Since then, I’ve seen two types of mixed teams work very successfully. The first type is a mixed team, with equal parts consulting and internal team members, all focused 100% on the project. The internal resources must be dedicated 100% or they will be distracted by more urgent issues – frankly, tasks that are a lot more immediately gratifying than the typically harder and more ambiguous project work. Those little distractions cannibalize valuable thinking time and result in missed milestones and lower quality work products, so the 100% is key. These internal resources must have the right capability and attitude (I’m sure I’ll write on what that means another day) for strategy work – that’s much more important than experience doing these types of projects. Finally, the consultants and internal team members should be paired together for optimal idea sharing and coaching. Quite broadly, this model is the best solution for an organization that wants to build a strategy capability internally. I used this team makeup on an application portfolio assessment a few years ago and the project went very smoothly and they’ve been able to keep it up to date because the team members were trained in the methodology.

The second type of mixed team that works well is a smaller team of consultants who drive the project, heavily leveraging a “core team” of internal resources for thought leadership and deliverable review.
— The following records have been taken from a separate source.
(* Let $K$ be a compact Hausdorff topological space and $\kappa$ an infinite cardinal. If $C(K)$ admits an equivalent norm $|||\cdot|||$ such that $(C(K),|||\cdot|||)$ is $\mathrm{ASQ}_{<\kappa}$, then $C(K)$ contains an isomorphic copy of $c_0(\kappa)$.
   Context: $C(K)$ is the space of real-valued continuous functions on $K$ with the supremum norm. A Banach space $Z$ is $\mathrm{ASQ}_{<\kappa}$ if for every set $A\subset S_Z$ with $|A|<\kappa$ and every $\varepsilon>0$ there exists $y\in S_Z$ with $\|x\pm y\|\le 1+\varepsilon$ for all $x\in A$. *)

From HB Require Import structures.
From mathcomp Require Import all_boot all_order all_algebra.
From mathcomp Require Import all_classical all_reals all_analysis.
Set Implicit Arguments. Unset Strict Implicit. Unset Printing Implicit Defensive.
Import Order.TTheory GRing.Theory Num.Theory.
Import numFieldNormedType.Exports.
Local Open Scope classical_set_scope.
Local Open Scope ring_scope.

(* Cardinal comparison |A| < |B| for sets (possibly in different types):
   injection A -> B and no injection B -> A (Cantor-Schroeder-Bernstein). *)
Definition card_lt T U (A : set T) (B : set U) : Prop :=
  (A #<= B)%card /\ ~ (B #<= A)%card.

(* The sup norm on C(K) (K compact, so the sup is attained/finite on continuous f). *)
Definition supnorm (R : realType) (K : topologicalType) (f : K -> R) : R :=
  sup (range (fun x => `|f x|)).

Definition is_norm_CK (R : realType) (K : topologicalType) (N : (K -> R) -> R) : Prop :=
  (forall f g : K -> R, continuous f -> continuous g ->
     N (fun x => f x + g x) <= N f + N g) /\
  (forall (a : R) (f : K -> R), continuous f ->
     N (fun x => a * f x) = `|a| * N f) /\
  (forall f : K -> R, continuous f -> N f = 0 -> f = (fun _ => 0)).

Definition equiv_norm_CK (R : realType) (K : topologicalType) (N : (K -> R) -> R) : Prop :=
  is_norm_CK N /\
  exists c C : R, 0 < c /\ 0 < C /\
    forall f : K -> R, continuous f ->
      c * supnorm f <= N f /\ N f <= C * supnorm f.

(* (C(K), N) is ASQ_{<kappa}, where the cardinal kappa is |I|. *)
Definition ASQ_lt (R : realType) (K : topologicalType) (N : (K -> R) -> R)
    (I : Type) : Prop :=
  forall A : set (K -> R),
    A `<=` [set f | continuous f /\ N f = 1] ->
    card_lt A [set: I] ->
    forall eps : R, 0 < eps ->
      exists y : K -> R, continuous y /\ N y = 1 /\
        forall x, A x ->
          N (fun t => x t + y t) <= 1 + eps /\ N (fun t => x t - y t) <= 1 + eps.

Definition c0 (R : realType) (I : Type) : set (I -> R) :=
  [set x | forall eps : R, 0 < eps -> finite_set [set i | eps <= `|x i|]].

Definition c0norm (R : realType) (I : Type) (x : I -> R) : R :=
  sup (range (fun i => `|x i|)).

Definition contains_c0 (R : realType) (K : topologicalType) (I : Type) : Prop :=
  exists T : (I -> R) -> (K -> R),
    (forall x, @c0 R I x -> continuous (T x)) /\
    (forall (a : R) (x y : I -> R), @c0 R I x -> @c0 R I y ->
       T (fun i => a * x i + y i) = (fun t => a * T x t + T y t)) /\
    exists m M : R, 0 < m /\ 0 < M /\
      forall x, @c0 R I x ->
        m * c0norm x <= supnorm (T x) /\ supnorm (T x) <= M * c0norm x.

(* By Zorn's lemma there is a maximal family Y0 of norm-one functions such that
   every signed sum of k <= n distinct members has norm at most 1 + k/n.  If
   |Y0| < kappa, the normalized signed sums of fewer than n members form fewer
   than kappa unit vectors (by Hessenberg's theorem |X * X| = |X|), and the
   vector that ASQ_{<kappa} provides for them with eps = 1/(2n) could be added
   to Y0; hence |Y0| >= kappa.  As the norm is equivalent to the sup norm, every
   member of Y0 exceeds delta = 1/(2C) in modulus somewhere, while fewer than n
   members do so at a common point.  Maximal cliques of members with a common
   such point then have pairwise disjoint peak regions, there are at least kappa
   of them, and the products of the (|z| - delta)^+ over the members z of a
   clique are disjointly supported bumps spanning an isometric copy of
   c_0(kappa). *)

From HB Require Import structures.
From mathcomp Require Import all_boot all_order all_algebra.
From mathcomp Require Import all_classical all_reals all_analysis.
From mathcomp Require Import ring lra.
Set Implicit Arguments. Unset Strict Implicit. Unset Printing Implicit Defensive.
Import Order.TTheory GRing.Theory Num.Theory.
Import numFieldNormedType.Exports.
Local Open Scope classical_set_scope.
Local Open Scope ring_scope.

(** * Cardinal arithmetic *)

Definition injects T U (A : set T) (B : set U) :=
  exists2 f : T -> U, set_fun A B f & set_inj A f.

Lemma injects_card_le T U (A : set T) (B : set U) : injects A B -> (A #<= B)%card.
Proof. by move=> /injfunPex[g]; exact: inj_card_le. Qed.

Lemma card_le_injects T U (A : set T) (B : set U) (u0 : U) :
  (A #<= B)%card -> injects A B.
Proof. by case/card_leP=> g; apply/injfunPex; squash (valLR u0 g). Qed.

Lemma injects_trans T U V (A : set T) (B : set U) (C : set V) :
  injects A B -> injects B C -> injects A C.
Proof.
move=> [f fAB fi] [g gBC gi]; exists (g \o f) => [x Ax|x y Ax Ay /= /gi gfxy].
  exact/gBC/fAB.
by apply: fi => //; apply: gfxy; apply/mem_set/fAB/set_mem.
Qed.

Lemma injects_sub T (A B : set T) : A `<=` B -> injects A B.
Proof. by exists id. Qed.

Lemma injects_setX T T' U U' (A : set T) (A' : set T') (B : set U) (B' : set U') :
  injects A B -> injects A' B' -> injects (A `*` A') (B `*` B').
Proof.
move=> [f fA fi] [g gA gi]; exists (fun p => (f p.1, g p.2)).
  by move=> [a a'] [/= Aa Aa']; split; [exact: fA|exact: gA].
move=> [a a'] [b b'] /set_mem[/= Aa Aa'] /set_mem[/= Ab Ab'] [fab gab].
by rewrite (fi a b (mem_set Aa) (mem_set Ab) fab) (gi a' b' (mem_set Aa') (mem_set Ab') gab).
Qed.

Lemma choice_on T U (A : set T) (P : T -> U -> Prop) (u0 : U) :
  (forall x, A x -> exists y, P x y) -> exists f : T -> U, forall x, A x -> P x (f x).
Proof.
move=> AP; have AP' x : exists y, A x -> P x y.
  by case: (pselect (A x)) => [/AP[y Pxy]|nAx]; [exists y|exists u0].
by have [f fP] := choice AP'; exists f.
Qed.

Lemma injects_image T U (Y : set T) (h : T -> U) (t0 : T) :
  set_inj Y h -> injects (h @` Y) Y.
Proof.
move=> hi; have hY u : (h @` Y) u -> exists y, Y y /\ h y = u.
  by case=> y Yy <-; exists y.
have [k kP] := choice_on t0 hY.
exists k => [u /kP[] //|u v /set_mem/kP[_ Eu] /set_mem/kP[_ Ev] kuv].
by rewrite -Eu -Ev kuv.
Qed.

Definition partial_injection T U (A : set T) (B : set U) (G : set (T * U)) :=
  [/\ G `<=` A `*` B,
      forall x y y', G (x, y) -> G (x, y') -> y = y' &
      forall x x' y, G (x, y) -> G (x', y) -> x = x'].

Lemma partial_injection_exists_maximal T U (A : set T) (B : set U) :
  exists G, partial_injection A B G /\ forall G', G `<` G' -> ~ partial_injection A B G'.
Proof.
apply: Zorn_bigcup => F FP Ftot; split.
- by move=> p [G /FP[GAB _ _]]; apply: GAB.
- move=> x y y' [G1 F1 H1] [G2 F2 H2].
  case: (Ftot _ _ F1 F2) => sub.
    by have [_ f _] := FP G2 F2; apply: (f x); [exact: sub|].
  by have [_ f _] := FP G1 F1; apply: (f x); [|exact: sub].
- move=> x x' y [G1 F1 H1] [G2 F2 H2].
  case: (Ftot _ _ F1 F2) => sub.
    by have [_ _ i] := FP G2 F2; apply: (i x x' y); [exact: sub|].
  by have [_ _ i] := FP G1 F1; apply: (i x x' y); [|exact: sub].
Qed.

Lemma injects_total T U (A : set T) (B : set U) (t0 : T) (u0 : U) :
  injects A B \/ injects B A.
Proof.
have [G [[GAB Gf Gi] Gmax]] := partial_injection_exists_maximal A B.
case: (pselect (forall a, A a -> exists b, G (a, b))) => [GA|/existsNP[a]].
  left; have [f fP] := choice_on u0 GA.
  exists f => [a /fP/GAB[]//|a a' /set_mem Aa /set_mem Aa' faa'].
  by apply: (Gi _ _ (f a)); [|rewrite faa']; exact: fP.
move=> /not_implyP[Aa nGa].
case: (pselect (forall b, B b -> exists a, G (a, b))) => [GB|/existsNP[b]].
  right; have [f fP] := choice_on t0 GB.
  exists f => [b /fP/GAB[]//|b b' /set_mem Bb /set_mem Bb' fbb'].
  by apply: (Gf (f b)); [|rewrite fbb']; exact: fP.
move=> /not_implyP[Bb nGb].
have nGa' y : ~ G (a, y) by move=> Gay; apply: nGa; exists y.
have nGb' x : ~ G (x, b) by move=> Gxb; apply: nGb; exists x.
exfalso; apply: (Gmax (G `|` [set (a, b)])).
  split=> [p Gp|sub]; first by left.
  exact: (nGa' b (sub _ (or_intror erefl))).
split=> [p [/GAB|->]//|x y y'|x x' y].
- move=> [H1|[-> ->]] [H2|[]]; first exact: Gf H1 H2.
  + by move=> Ex _; case: (nGa' y); rewrite -Ex.
  + by case: (nGa' y').
  + by move=> ->.
- move=> [H1|[-> ->]] [H2|[]]; first exact: Gi H1 H2.
  + by move=> -> Ey; case: (nGb' x); rewrite -Ey.
  + by case: (nGb' x').
  + by move=> ->.
Qed.

Lemma injects_setU_bool T (Y Z : set T) :
  injects (Z `\` Y) Y -> injects (Y `|` Z) (Y `*` [set: bool]).
Proof.
move=> [j jY ji]; exists (fun u => if pselect (Y u) then (u, false) else (j u, true)).
  move=> u YZu; case: pselect => [//|nYu]; split=> //=; apply: jY.
  by split=> //; case: YZu.
move=> u v /set_mem YZu /set_mem YZv.
case: pselect => [Yu|nYu]; case: pselect => [Yv|nYv] // [juv] //.
have Zu : Z u by case: YZu => // /nYu.
have Zv : Z v by case: YZv => // /nYv.
exact: ji (mem_set (conj Zu nYu)) (mem_set (conj Zv nYv)) juv.
Qed.

Lemma injects_square_bool T (Y : set T) (t0 : T) :
  injects (Y `*` Y) Y -> infinite_set Y ->
  injects ((Y `*` [set: bool]) `*` (Y `*` [set: bool])) Y.
Proof.
move=> YYY /infiniteP/(card_le_injects t0) NY.
have BBY : injects ([set: bool] `*` [set: bool]) Y.
  apply: injects_trans NY; exists (fun st : bool * bool => (2 * st.1 + st.2)%N) => //.
  by move=> [[] []] [[] []].
apply: injects_trans (injects_trans (injects_setX YYY BBY) YYY).
exists (fun q => ((q.1.1, q.2.1), (q.1.2, q.2.2))).
  by move=> [[a s] [b t]] [[Ya _] [Yb _]].
by move=> [[a s] [b t]] [[a' s'] [b' t']] _ _ [-> -> -> ->].
Qed.

Section Hessenberg.
Variables (T : Type) (X : set T).
Hypothesis Xinf : infinite_set X.

Definition graph_dom (G : set ((T * T) * T)) : set T :=
  [set x | exists y z, G ((x, y), z)].

Record pairing_graph (G : set ((T * T) * T)) : Prop := {
  pairing_domX : graph_dom G `<=` X;
  pairing_dom_infinite : graph_dom G !=set0 -> infinite_set (graph_dom G);
  pairing_sub : G `<=` (graph_dom G `*` graph_dom G) `*` graph_dom G;
  pairing_fun : forall p z z', G (p, z) -> G (p, z') -> z = z';
  pairing_inj : forall p p' z, G (p, z) -> G (p', z) -> p = p';
  pairing_total : forall p, (graph_dom G `*` graph_dom G) p -> exists z, G (p, z) }.

Lemma graph_domS (G G' : set ((T * T) * T)) : G `<=` G' -> graph_dom G `<=` graph_dom G'.
Proof. by move=> GG' x [y [z Gxyz]]; exists y, z; apply: GG'. Qed.

Lemma pairing_extend (G : set ((T * T) * T)) (B : set T) (k : T * T -> T) :
  pairing_graph G -> B `<=` X `\` graph_dom G -> B !=set0 ->
  infinite_set (graph_dom G `|` B) ->
  let W := ((graph_dom G `|` B) `*` (graph_dom G `|` B)) `\` (graph_dom G `*` graph_dom G) in
  set_fun W B k -> set_inj W k ->
  exists2 G', G `<` G' & pairing_graph G'.
Proof.
set D := graph_dom G => -[DX _ GD Gf Gi Gt] BX [b Bb] DBinf W kB ki.
have nDB x : B x -> ~ D x by move=> /BX[].
pose G' := G `|` [set (p, k p) | p in W].
have WB x : B x -> W (x, x) by move=> Bx; split; [split; right|move=> [/(nDB _ Bx)]].
have domG' : graph_dom G' = D `|` B.
  apply/seteqP; split=> x.
    by move=> [y [z [Gxyz|[[q1 q2] [[/= DBq1 _] _] [<- _ _]]]]]; [left; exists y, z|].
  case=> [[y [z Gxyz]]|Bx]; first by exists y, z; left.
  by exists x, (k (x, x)); right; exists (x, x); [exact: WB|].
exists G'.
  split=> [q Gq|sub]; first by left.
  have /GD[[/(nDB _ Bb)]] // : G ((b, b), k (b, b)).
  by apply: sub; right; exists (b, b); [exact: WB|].
split; rewrite ?domG'.
- by move=> x [/DX|/BX[]].
- by [].
- move=> [p z] [/GD[[Dp1 Dp2] Dz]|[q Wq [<- <-]]].
    by split; [split; left|left].
  by have [DBq _] := Wq; split=> //; right; exact: kB.
- move=> p z z' [Gz|[q Wq [? ?]]] [Gz'|[q' Wq' [? ?]]]; subst.
  + exact: Gf Gz Gz'.
  + by have [Dp _] := GD _ Gz; case: Wq'.
  + by have [Dp _] := GD _ Gz'; case: Wq.
  + by [].
- have kD p : W p -> ~ D (k p) by move=> /kB/nDB.
  move=> p p' z [Gz|[q Wq [? ?]]] [Gz'|[q' Wq' [? Ekz]]]; subst.
  + exact: Gi Gz Gz'.
  + by have [_ /= /(kD _ Wq')] := GD _ Gz.
  + by have [_ /= /(kD _ Wq)] := GD _ Gz'.
  + by apply: ki; rewrite ?inE.
- move=> p DBp; case: (pselect ((D `*` D) p)) => [/Gt[z Gz]|nDp].
    by exists z; left.
  by exists (k p); right; exists p.
Qed.

Lemma pairing_graph_exists_maximal :
  exists G, pairing_graph G /\ forall G', G `<` G' -> ~ pairing_graph G'.
Proof.
apply: Zorn_bigcup => F FP Ftot.
have domU : graph_dom (\bigcup_(G in F) G) = \bigcup_(G in F) graph_dom G.
  apply/seteqP; split=> x; first by move=> [y [z [G FG Gxyz]]]; exists G => //; exists y, z.
  by move=> [G FG [y [z Gxyz]]]; exists y, z, G.
split; rewrite ?domU.
- by move=> x [G /FP/pairing_domX]; apply.
- move=> [x [G FG Gx]]; apply: (@sub_infinite_set _ (graph_dom G)) => [y Gy|].
    by exists G.
  by apply: (pairing_dom_infinite (FP G FG)); exists x.
- move=> [[a b] z] [G FG Gabz]; have [[Da Db] Dz] := pairing_sub (FP G FG) Gabz.
  by split; [split|]; exists G.
- move=> p z z' [G1 F1 H1] [G2 F2 H2]; case: (Ftot _ _ F1 F2) => sub.
    exact: (pairing_fun (FP G2 F2) (sub _ H1) H2).
  exact: (pairing_fun (FP G1 F1) H1 (sub _ H2)).
- move=> p p' z [G1 F1 H1] [G2 F2 H2]; case: (Ftot _ _ F1 F2) => sub.
    exact: (pairing_inj (FP G2 F2) (sub _ H1) H2).
  exact: (pairing_inj (FP G1 F1) H1 (sub _ H2)).
- move=> [a b] [[G1 F1 H1] [G2 F2 H2]]; case: (Ftot _ _ F1 F2) => sub.
    have [z Gz] := pairing_total (FP G2 F2) (conj (graph_domS sub H1) H2).
    by exists z, G2.
  have [z Gz] := pairing_total (FP G1 F1) (conj H1 (graph_domS sub H2)).
  by exists z, G1.
Qed.
(* Let $H_t=\mathbb{E}(Y_tY_t')$ (expectation under the annealed law $\mathbb{P}$) and $H^\xi_t=\mathbb{E}_\xi(Y_tY_t')$ (expectation under the quenched law $\mathbb{P}_\xi$), where $Y_t'$ is the transpose. Then $$\frac1t H_t\to\eta^2,$$ and for $\Pi$-almost every $\xi$, $$\frac1t H^\xi_t\to\eta^2,$$ as $t\to\infty$, where $(\eta^2)_{ij}=\sum_{u\in\mathbb{Z}^n}(u_i-b_i)(u_j-b_j)\bar P(u)$.
   Context: Let $\mathbb{S}$ be a finite set and $\pi$ a probability measure on $\mathbb{S}$. The environment $\xi=\{\xi_t(x): x\in\mathbb{Z}^n, t\in\mathbb{Z}^+\}$ consists of i.i.d. $\mathbb{S}$-valued random variables with law $\pi$; $\Pi$ denotes its law. Let $P_0$ be a probability distribution on $\mathbb{Z}^n$ and $c:\mathbb{Z}^n\times\mathbb{S}\to\mathbb{R}$ such that: $0\le P_0(u)+c(u,s)\le 1$ for all $u,s$; $\sum_{u}c(u,s)=0$ for all $s$; $\sum_{s}c(u,s)\pi(s)=0$ for all $u$; $P_0$ and $c$ have bounded range; and there is $b^c\in\mathbb{R}^n$ with $\sum_u u\,c(u,s)=b^c$ for all $s$. Given $\xi$, $(X_t)$ is the Markov chain on $\mathbb{Z}^n$ (from a fixed starting point) with $\mathbb{P}(X_{t+1}=y\mid X_t=x,\xi)=P_0(y-x)+c(y-x,\xi_t(x))$; $\mathbb{P}_\xi$ denotes this quenched law and $\mathbb{P}=\int\mathbb{P}_\xi\,\Pi(d\xi)$ the annealed law. Let $\bar P(u)=P_0(u)+\sum_s\pi(s)c(u,s)$, $b^0=\sum_u uP_0(u)$, $b=b^0+b^c$, $Y_t=X_t-tb$ (a column vector). *)

From HB Require Import structures.
From mathcomp Require Import all_boot all_order all_algebra.
From mathcomp Require Import all_classical all_reals all_analysis.
Set Implicit Arguments. Unset Strict Implicit. Unset Printing Implicit Defensive.
Import Order.TTheory GRing.Theory Num.Theory.
Local Open Scope ring_scope.
Local Open Scope classical_set_scope.

Notation Zvec n := 'cV[int]_n.

Definition toR {R : realType} {n : nat} (u : Zvec n) : 'cV[R]_n :=
  map_mx (fun z : int => z%:~R) u.
(* There is an absolute constant $C$ such that the following holds. Let $\delta\in(0,1/2)$ and let $\boldsymbol\theta_1,\boldsymbol\theta_2\in\mathbb R^d$ satisfy $\|\boldsymbol\theta_1-\boldsymbol\theta_2\|_2^2\ge C\sigma^2\log\delta^{-1}$. Let $\hat{\boldsymbol\theta}_1,\hat{\boldsymbol\theta}_2\in\mathbb R^d$ satisfy $\|\hat{\boldsymbol\theta}_b-\boldsymbol\theta_b\|_2\le\sigma$ for $b\in\{1,2\}$, and let $\hat{\mathbf c}=(\hat{\boldsymbol\theta}_1+\hat{\boldsymbol\theta}_2)/2$. Then if $\mathbf x\sim\mathcal N(\boldsymbol\theta_1,\sigma^2\mathbf I_d)$, with probability at least $1-\delta$ we have $(\mathbf x-\hat{\mathbf c})\cdot(\hat{\boldsymbol\theta}_1-\hat{\mathbf c})>0$; and if $\mathbf x\sim\mathcal N(\boldsymbol\theta_2,\sigma^2\mathbf I_d)$, with probability at least $1-\delta$ we have $(\mathbf x-\hat{\mathbf c})\cdot(\hat{\boldsymbol\theta}_1-\hat{\mathbf c})<0$. *)

From HB Require Import structures.
From mathcomp Require Import all_boot all_order all_algebra.
From mathcomp Require Import all_classical all_reals all_analysis.
Set Implicit Arguments. Unset Strict Implicit. Unset Printing Implicit Defensive.
Import Order.TTheory GRing.Theory Num.Theory.
Local Open Scope classical_set_scope.
Local Open Scope ring_scope.

Definition dotv {R : realType} {d : nat} (u v : 'rV[R]_d) : R :=
  \sum_(i < d) u 0 i * v 0 i.

Definition norm2 {R : realType} {d : nat} (u : 'rV[R]_d) : R :=
  Num.sqrt (dotv u u).

Definition rvec {R : realType} {dT} {T : measurableType dT} {d : nat}
  (X : 'I_d -> T -> R) (w : T) : 'rV[R]_d := \row_(i < d) X i w.
(* Let $V\subseteq\mathbb{A}^n$ be an affine variety defined over $\mathbb{Z}$. Then, with the emerging metric on finite prime fields described in the context, $\mathsf{lm}^{\mathrm{loc}}V(\mathrm{F}_q)=\overline{V(\mathbb{Q})}\subseteq V(\mathbb{R})$: the local ultraproduct of the sets $V(\mathrm{F}_q)$, i.e. the image of $V(\mathrm{F})\cap(\mathrm{F}_{/\mathfrak{l}})^n$ under the coordinatewise quotient map $(\mathrm{F}_{/\mathfrak{l}})^n\to(\mathrm{F}_{/\mathfrak{l}}/\!\approx)^n\cong\mathbb{R}^n$, equals the closure in $\mathbb{R}^n$ of the set of rational points $V(\mathbb{Q})$.
   Context: $V$ is the zero set of finitely many polynomials in $\mathbb{Z}[x_1,\dots,x_n]$, and $V(R)$ denotes its set of points with coordinates in a ring $R$. Let $\mathcal{D}$ be a non-principal ultrafilter on $\mathbb{N}$ containing the set of primes, ${}^*\mathbb{Z}=\mathbb{Z}^{\mathbb{N}}/\mathcal{D}$, $\mathfrak{q}\in{}^*\mathbb{Z}$ the class of $(q)_{q\in\mathbb{N}}$, and $\mathrm{F}={}^*\mathbb{Z}/\mathfrak{q}\,{}^*\mathbb{Z}\cong\prod_{\mathcal{D}}\mathrm{F}_q$ with $\mathrm{F}_q=\mathbb{Z}/q\mathbb{Z}$. Assume there is a model ${}^f\mathbb{Z}$ of arithmetic with $\mathbb{Z}\prec{}^f\mathbb{Z}\prec{}^*\mathbb{Z}$ and $\mathfrak{q}>k$ for all $k\in{}^f\mathbb{Z}$, and let $\mathfrak{l}\in{}^f\mathbb{Z}$ be a positive infinite integer (so $\mathfrak{l}^n<\mathfrak{q}$ for all $n\in\mathbb{N}$). For $m\in\mathbb{N}$ let $Z(m)=\{k\in{}^*\mathbb{Z}:|k|<\mathfrak{l}^m\}$ (embedded in $\mathrm{F}$ by reduction mod $\mathfrak{q}$), $S_m(\mathrm{F})=\{z\in\mathrm{F}:\exists k_1,k_2\in Z(m),k_2\ne0,\ z=k_1k_2^{-1},\ |k_1|/|k_2|\le m\}$, $\mathrm{F}_{/\mathfrak{l}}=\bigcup_mS_m(\mathrm{F})$, $\|z\|=\mathrm{st}(|k_1|/|k_2|)$ for the minimal such pair $(k_1,k_2)$, $\mathsf{d}(z_1,z_2)=\|z_1-z_2\|$, and $z_1\approx z_2$ iff $\mathsf{d}(z_1,z_2)\le 1/n$ for all $n\in\mathbb{N}$. The quotient $\mathrm{F}_{/\mathfrak{l}}/\!\approx$, with induced operations and metric, is identified with $\mathbb{R}$ (the local ultraproduct $\mathsf{lm}^{\mathrm{loc}}\mathrm{F}_q=\mathbb{R}$), and $n$-tuples are treated coordinatewise. *)

From HB Require Import structures.
From mathcomp Require Import all_boot all_order all_algebra.
From mathcomp Require Import all_classical all_reals all_analysis.
From mathcomp Require mpoly.
From Stdlib Require Lists.List.
Set Implicit Arguments. Unset Strict Implicit. Unset Printing Implicit Defensive.
Import Order.TTheory GRing.Theory Num.Theory.
Local Open Scope ring_scope.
These internal resources are allocated 20-40% to the project and are given specific times they will be expected to participate in workshops and deliverable reviews. Quite broadly, I usually recommend this for a one-time project that needs to get done quickly. This model is also especially effective for political situations, like reorganizations, that require both thought leadership from key players who can’t stop their “day jobs” and objectivity from the outside.

Whatever team makeup is chosen, responsibilities, timelines and calendars must be clearly set up front. With close monitoring, changes can be made throughout the project as problems arise. It can work really well – I’m happy to report no tears in years!